Very few Italian painters (and artists) can boast an ethic attitude and an analytical and combined rigour so masterly as Andrea Boyer’s. His passion for photography (seen as a writing of the light, and never as a simple expression exercise) and his technical knowledge of photography have enabled him to develop a type of “painting” that does not have many imitators, both on a conceptual level and on a technical one. Boyer’s hyperrealism is always and only apparent. The painter asks himself “What is the need for painting when photography already exist?” when he is blamed for being too realist. And he is right, because only few can love, as he does, and know that Muse, so domineering, and unavoidable protagonist, which is 20th century Art. It is from the absolute mastery of that technique and from the mastery of his potentiality that Boyer gets the desire to challenge the visible behind his objective borders. Here is when drawing and painting offer the photographer his way of escape from the visible, and give him the change to project the same images and the same object into one universe, a more and more mental universe. The extreme chiaroscuro, together with the black and white colours, and the brighter lights and the dark shades, is the mental more than real instruments through which he brings a visible reality into a dimension in which thought becomes shape, time becomes space. Mysticism? Neopositivism? Or even a kind of Neo-Illuminism in the era of the darker relativism?
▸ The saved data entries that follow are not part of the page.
Lemma resolvent_fix g (v : 'cV[R]_n) :
  let w := invmx (1%:M - beta *: Pg P g) *m v in w = v + beta *: step g w.
Proof.
move=> w; have Aw : (1%:M - beta *: Pg P g) *m w = v.
  by rewrite /w mulKVmx //; apply: unitmx_resolvent.
by rewrite -{1}Aw mulmxBl mul1mx -scalemxAl /step subrK.
Qed.

Lemma disc_resolvent g f x :
  disc P beta g f x =
  (1 - beta) * (invmx (1%:M - beta *: Pg P g) *m \col_i f i (g i)) x 0.
Proof.
set A := 1%:M - beta *: Pg P g; set fg := \col_i f i (g i).
have w_fix := resolvent_fix g fg; set w := invmx A *m fg in w_fix *.
have w_partial t : w = \sum_(s < t) beta ^+ s *: iter s (step g) fg
                       + beta ^+ t *: iter t (step g) w.
  elim: t => [|t IH]; first by rewrite big_ord0 expr0 scale1r add0r.
  rewrite big_ord_recr /= {1}IH {1}w_fix iter_stepD -iterSr scalerDr scalerA.
  by rewrite -exprSr addrA.
congr (_ * _); apply: cvg_lim; first exact: Rhausdorff.
apply: (@cvg_geometric_error _ beta (\sum_(y < n) `|w y 0|)); first by rewrite beta_ge0.
move=> t; rewrite /series /= big_mkord.
have -> : \sum_(s < t) beta ^+ s * iter s (step g) fg x 0
   = (\sum_(s < t) beta ^+ s *: iter s (step g) fg) x 0.
  by rewrite summxE; apply: eq_bigr => s _; rewrite mxE.
rewrite {1}(w_partial t) mxE [X in `|_ + X - _|]mxE addrAC subrr add0r.
rewrite normrM ger0_norm ?exprn_ge0 // mulrC.
apply: ler_wpM2r; first by rewrite exprn_ge0.
by apply: iter_step_bounded => y; rewrite (bigD1 y) //= lerDl sumr_ge0.
Qed.

Lemma disc_fixpoint g f : policy_fixpoint g f (disc P beta g f).
Proof.
have w_fix := resolvent_fix g (\col_i f i (g i)).
set w := invmx _ *m _ in w_fix *.
move=> x; rewrite (eq_expect _ _ (disc_resolvent g f)) expectZ disc_resolvent -/w.
rewrite {1}w_fix !mxE /expect; under eq_bigr do rewrite mxE.
ring.
Qed.

Lemma disc_ge0 g f : (forall x a, 0 <= f x a) -> forall x, 0 <= disc P beta g f x.
Proof.
move=> f_ge0; apply: (@discounted_min_principle _ (fun=> 0)) => x; exists (g x).
rewrite !subr0 (eq_expect _ _ (fun y => subr0 _)) [leRHS]disc_fixpoint lerDr.
by rewrite mulr_ge0.
Qed.

Section Bellman.
Variables (c : 'I_n -> bool -> R) (lam : R).

Definition qval (V : 'I_n -> R) x a :=
  (1 - beta) * clam c lam x a + beta * expect a x V.

Lemma ler_qval U W x a : (forall y, U y <= W y) -> qval U x a <= qval W x a.
Proof. by move=> UW; rewrite lerD2l ler_wpM2l // ler_expect. Qed.

Lemma bellman_comparison (W U : 'I_n -> R) :
  (forall x, exists a, qval W x a <= W x) ->
  (forall x a, U x <= qval U x a) -> forall x, U x <= W x.
Proof.
move=> W_super U_sub; apply: discounted_min_principle => x.
have [a Wa] := W_super x; exists a.
by have := U_sub x a; move: Wa; rewrite /qval expectB; lra.
Qed.

Lemma Jg_fixpoint g x : Jg P c beta lam g x = qval (Jg P c beta lam g) x (g x).
Proof. exact: disc_fixpoint. Qed.

Lemma Jg_le g (W : 'I_n -> R) :
  (forall x, qval W x (g x) <= W x) -> forall x, Jg P c beta lam g x <= W x.
Proof.
move=> W_super; apply: discounted_min_principle => x; exists (g x).
by have := Jg_fixpoint g x; have := W_super x; rewrite /qval expectB; lra.
Qed.

Lemma Jg_ge g (W : 'I_n -> R) :
  (forall x, W x <= qval W x (g x)) -> forall x, W x <= Jg P c beta lam g x.
Proof.
move=> W_sub; apply: discounted_min_principle => x; exists (g x).
by have := Jg_fixpoint g x; have := W_sub x; rewrite /qval expectB; lra.
Qed.

Lemma qvalE (V : {ffun 'I_n -> R}) x a : Hq P c beta lam V x a = qval V x a.
Proof. by []. Qed.

(* Policy improvement: a policy minimising the sum of its costs admits no
   strict one-state improvement, so its cost solves the Bellman equation. *)
Lemma bellman_fix_exists : exists V, bellman_fix P c beta lam V.
Proof.
pose total (h : {ffun 'I_n -> bool}) := \sum_(x < n) Jg P c beta lam h x.
have [g0 _ g0_min] := @arg_minP _ R _ [ffun _ => false] xpredT total isT.
set J0 := Jg P c beta lam g0.
have J0_le x a : J0 x <= qval J0 x a.
  rewrite leNgt; apply/negP => improve.
  pose g1 := [ffun y => if y == x then a else g0 y]; set J1 := Jg P c beta lam g1.
  have J1_le : forall y, J1 y <= J0 y.
    apply: Jg_le => y; rewrite /g1 ffunE; case: eqVneq => [->|_]; first exact: ltW.
    by rewrite {2}/J0 Jg_fixpoint.
  have J1_lt : J1 x < J0 x.
    rewrite /J1 Jg_fixpoint /g1 ffunE eqxx; apply: le_lt_trans improve.
    exact: ler_qval.
  have := g0_min g1 isT; rewrite /total (bigD1 x) //= [leRHS](bigD1 x) //= leNgt.
  by move/negP; apply; apply: ltr_leD => //; apply: ler_sum => y _.
exists [ffun x => J0 x] => x.
have qJ0 a : qval [ffun y => J0 y] x a = qval J0 x a.
  by rewrite /qval (@eq_expect a x _ J0) // => y; rewrite ffunE.
rewrite ffunE !qvalE !qJ0; apply/eqP; rewrite eq_le le_min !J0_le /=.
rewrite ge_min {2 4}/J0 (Jg_fixpoint g0 x) -/J0.
by case: (g0 x); rewrite lexx ?orbT.
Qed.

Definition value : 'I_n -> R := Vlam P c beta lam.

Lemma value_bellman : bellman_fix P c beta lam (Vlam P c beta lam).
Proof.
have [V hV] := bellman_fix_exists.
by apply: (@xgetPex _ _ [set V | bellman_fix P c beta lam V]); exists V.
Qed.

Lemma value_le_qval x a : value x <= qval value x a.
Proof. by rewrite /value value_bellman; case: a; rewrite ge_min lexx ?orbT. Qed.

Lemma exists_qval_le_value x : exists a, qval value x a <= value x.
Proof.
rewrite /value value_bellman !qvalE.
by case: leP => _; [exists false | exists true].
Qed.

Lemma value_le_Jg g x : value x <= Jg P c beta lam g x.
Proof. by apply: Jg_ge => y; apply: value_le_qval. Qed.

Definition greedy (g : 'I_n -> bool) :=
  forall x, qval value x (g x) <= qval value x (~~ g x).

Lemma greedy_Jg g : greedy g -> forall x, Jg P c beta lam g x = value x.
Proof.
move=> g_greedy x; apply/eqP; rewrite eq_le value_le_Jg andbT.
apply: Jg_le => y; have [a ha] := exists_qval_le_value y.
by move: (g_greedy y); case: (g y) => /= ga; case: a ha => // ha; apply: le_trans ga ha.
Qed.

Lemma greedy_optimal g : greedy g -> optimal P c beta lam g.
Proof. by move=> g_greedy g' x; rewrite greedy_Jg //; apply: value_le_Jg. Qed.

Lemma optimal_Jg g : optimal P c beta lam g -> forall x, Jg P c beta lam g x = value x.
Proof.
move=> g_opt x; pose gs y := qval value y true < qval value y false.
have gs_greedy : greedy gs by move=> y; rewrite /gs; case: ltP => //= /ltW.
apply/eqP; rewrite eq_le value_le_Jg andbT -(greedy_Jg gs_greedy x).
exact: g_opt.
Qed.

Lemma optimal_greedy g : optimal P c beta lam g -> greedy g.
Proof.
move=> g_opt x; have Jg_value := optimal_Jg g_opt.
have -> : qval value x (g x) = value x.
  by rewrite -Jg_value Jg_fixpoint /qval (eq_expect _ _ Jg_value).
exact: value_le_qval.
Qed.

Definition advantage x := qval value x true - qval value x false.

Lemma advantageE x : advantage x =
  (1 - beta) * (c x true - c x false + lam) +
  beta * (expect true x value - expect false x value).
Proof. by rewrite /advantage /qval /clam /=; ring. Qed.

Lemma optimal_thrP L : optimal P c beta lam (thr L) <->
  (forall y : 'I_n, (y < L)%N -> 0 <= advantage y) /\
  (forall y : 'I_n, (L <= y)%N -> advantage y <= 0).
Proof.
rewrite /advantage; split => [/optimal_greedy thr_greedy | [below above]].
  split=> y y_L; have := thr_greedy y; rewrite /thr.
    by rewrite leqNgt y_L subr_ge0.
  by rewrite y_L subr_le0.
apply: greedy_optimal => y; rewrite /thr; case: leqP => [L_y | y_L] /=.
  by have := above y L_y; rewrite subr_le0.
by have := below y y_L; rewrite subr_ge0.
Qed.

End Bellman.

Lemma Jg_affine c lam g x :
  Jg P c beta lam g x = Dg P c beta g x + lam * Ng P beta g x.
Proof.
pose affine y := Dg P c beta g y + lam * Ng P beta g y.
apply: (@policy_fixpoint_unique g (clam c lam) _ affine (disc_fixpoint _ _)) => y.
rewrite /affine /Dg /Ng (disc_fixpoint g c y) (disc_fixpoint g (fun _ a => a%:R) y).
by rewrite expectD expectZ /clam; ring.
Qed.

(* Since J_lambda = D + lambda N, raising lambda favours the policy with the
   smaller activity N. *)
Lemma optimal_exchange c lam mu g h :
  lam <= mu -> (forall x, Ng P beta h x <= Ng P beta g x) ->
  optimal P c beta lam h -> optimal P c beta mu g ->
  optimal P c beta mu h /\ optimal P c beta lam g.
Proof.
move=> lam_mu Nhg h_opt g_opt.
have dN x : (mu - lam) * Ng P beta h x <= (mu - lam) * Ng P beta g x.
  by rewrite ler_wpM2l ?subr_ge0.
split=> g' x.
  apply: le_trans (g_opt g' x); have := h_opt g x; have := dN x.
  by rewrite !Jg_affine !mulrBl; lra.
apply: le_trans (h_opt g' x); have := g_opt h x; have := dN x.
by rewrite !Jg_affine !mulrBl; lra.
Qed.

Lemma ell_max c lam l : (l <= n)%N -> optimal P c beta lam (thr l) ->
  (l <= ell P c beta lam)%N.
Proof.
rewrite -ltnS => l_le_n l_opt.
apply: (@leq_bigmax_cond _ _ (fun i : 'I_n.+1 => nat_of_ord i) (Ordinal l_le_n)).
exact/asboolP.
Qed.

Lemma ell_le_n c lam : (ell P c beta lam <= n)%N.
Proof. by apply/bigmax_leqP => i _; rewrite -ltnS. Qed.

Lemma Pi_advantage c lam x : Pi P c beta lam x <-> 0 < advantage c lam x.
Proof. by rewrite /Pi /advantage /= subr_gt0. Qed.

Definition cost_bound (c : 'I_n -> bool -> R) := \sum_(x < n) \sum_(a : bool) `|c x a|.

Lemma norm_cost_le c x a : `|c x a| <= cost_bound c.
Proof.
rewrite /cost_bound (bigD1 x) //= (bigD1 a) //= -addrA lerDl.
by apply: addr_ge0; apply: sumr_ge0 => *; rewrite ?sumr_ge0.
Qed.

Lemma value_le_cst c lam k : (forall x, exists a, clam c lam x a <= k) ->
  forall x, value c lam x <= k.
Proof.
move=> clam_le; apply: (@bellman_comparison c lam (fun=> k)) => [x|x a].
  2: exact: value_le_qval.
have [a ha] := clam_le x; exists a; rewrite /qval expect_cst.
by have := ler_wpM2l beta1_ge0 ha; lra.
Qed.

Lemma value_ge_cst c lam k : (forall x a, k <= clam c lam x a) ->
  forall x, k <= value c lam x.
Proof.
move=> clam_ge; apply: (@bellman_comparison c lam _ (fun=> k)) => [x|x a].
  exact: exists_qval_le_value.
by rewrite /qval expect_cst; have := ler_wpM2l beta1_ge0 (clam_ge x a); lra.
Qed.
David De Biasio, whose descent from Ventroni’s teaching is hinted at by the stern approach and the unconditional faith in the alienating and alienated invention of the “still life”, carries to a limpidly lyrical plane the celestial lesson of his teacher. Pure creator of images in which the poetry of the objects and the beauty of the compositions, harmoniously defined and made enchanted by the extremely sensitive chromatic choices, dominate, by creating it, all sudden wonder. De Biasio, who has lived a long time in the United States and has experienced first hand the “pop” climate of a certain historic (and therefore affected) “hyperrealism”, reacts to contemporary nihilism, and to the resultant visual aphasia induced by it, by way of slow and quiet painting, violent in its whispering harmony, magic in its suspension: he appears to guide steadily the brush in a search for that imperceptible silence of the soul that only an unshakable faith in Beauty and in the power of painting can achieve. De Biasio’s “inside” is the obsessive, almost autistic one of the “simple” basic shapes of nature, mineral and vegetal. An introspective enquiry attentive to the secret heart that only painting can unveil within the inanimate, and often invisible, world that surrounds us.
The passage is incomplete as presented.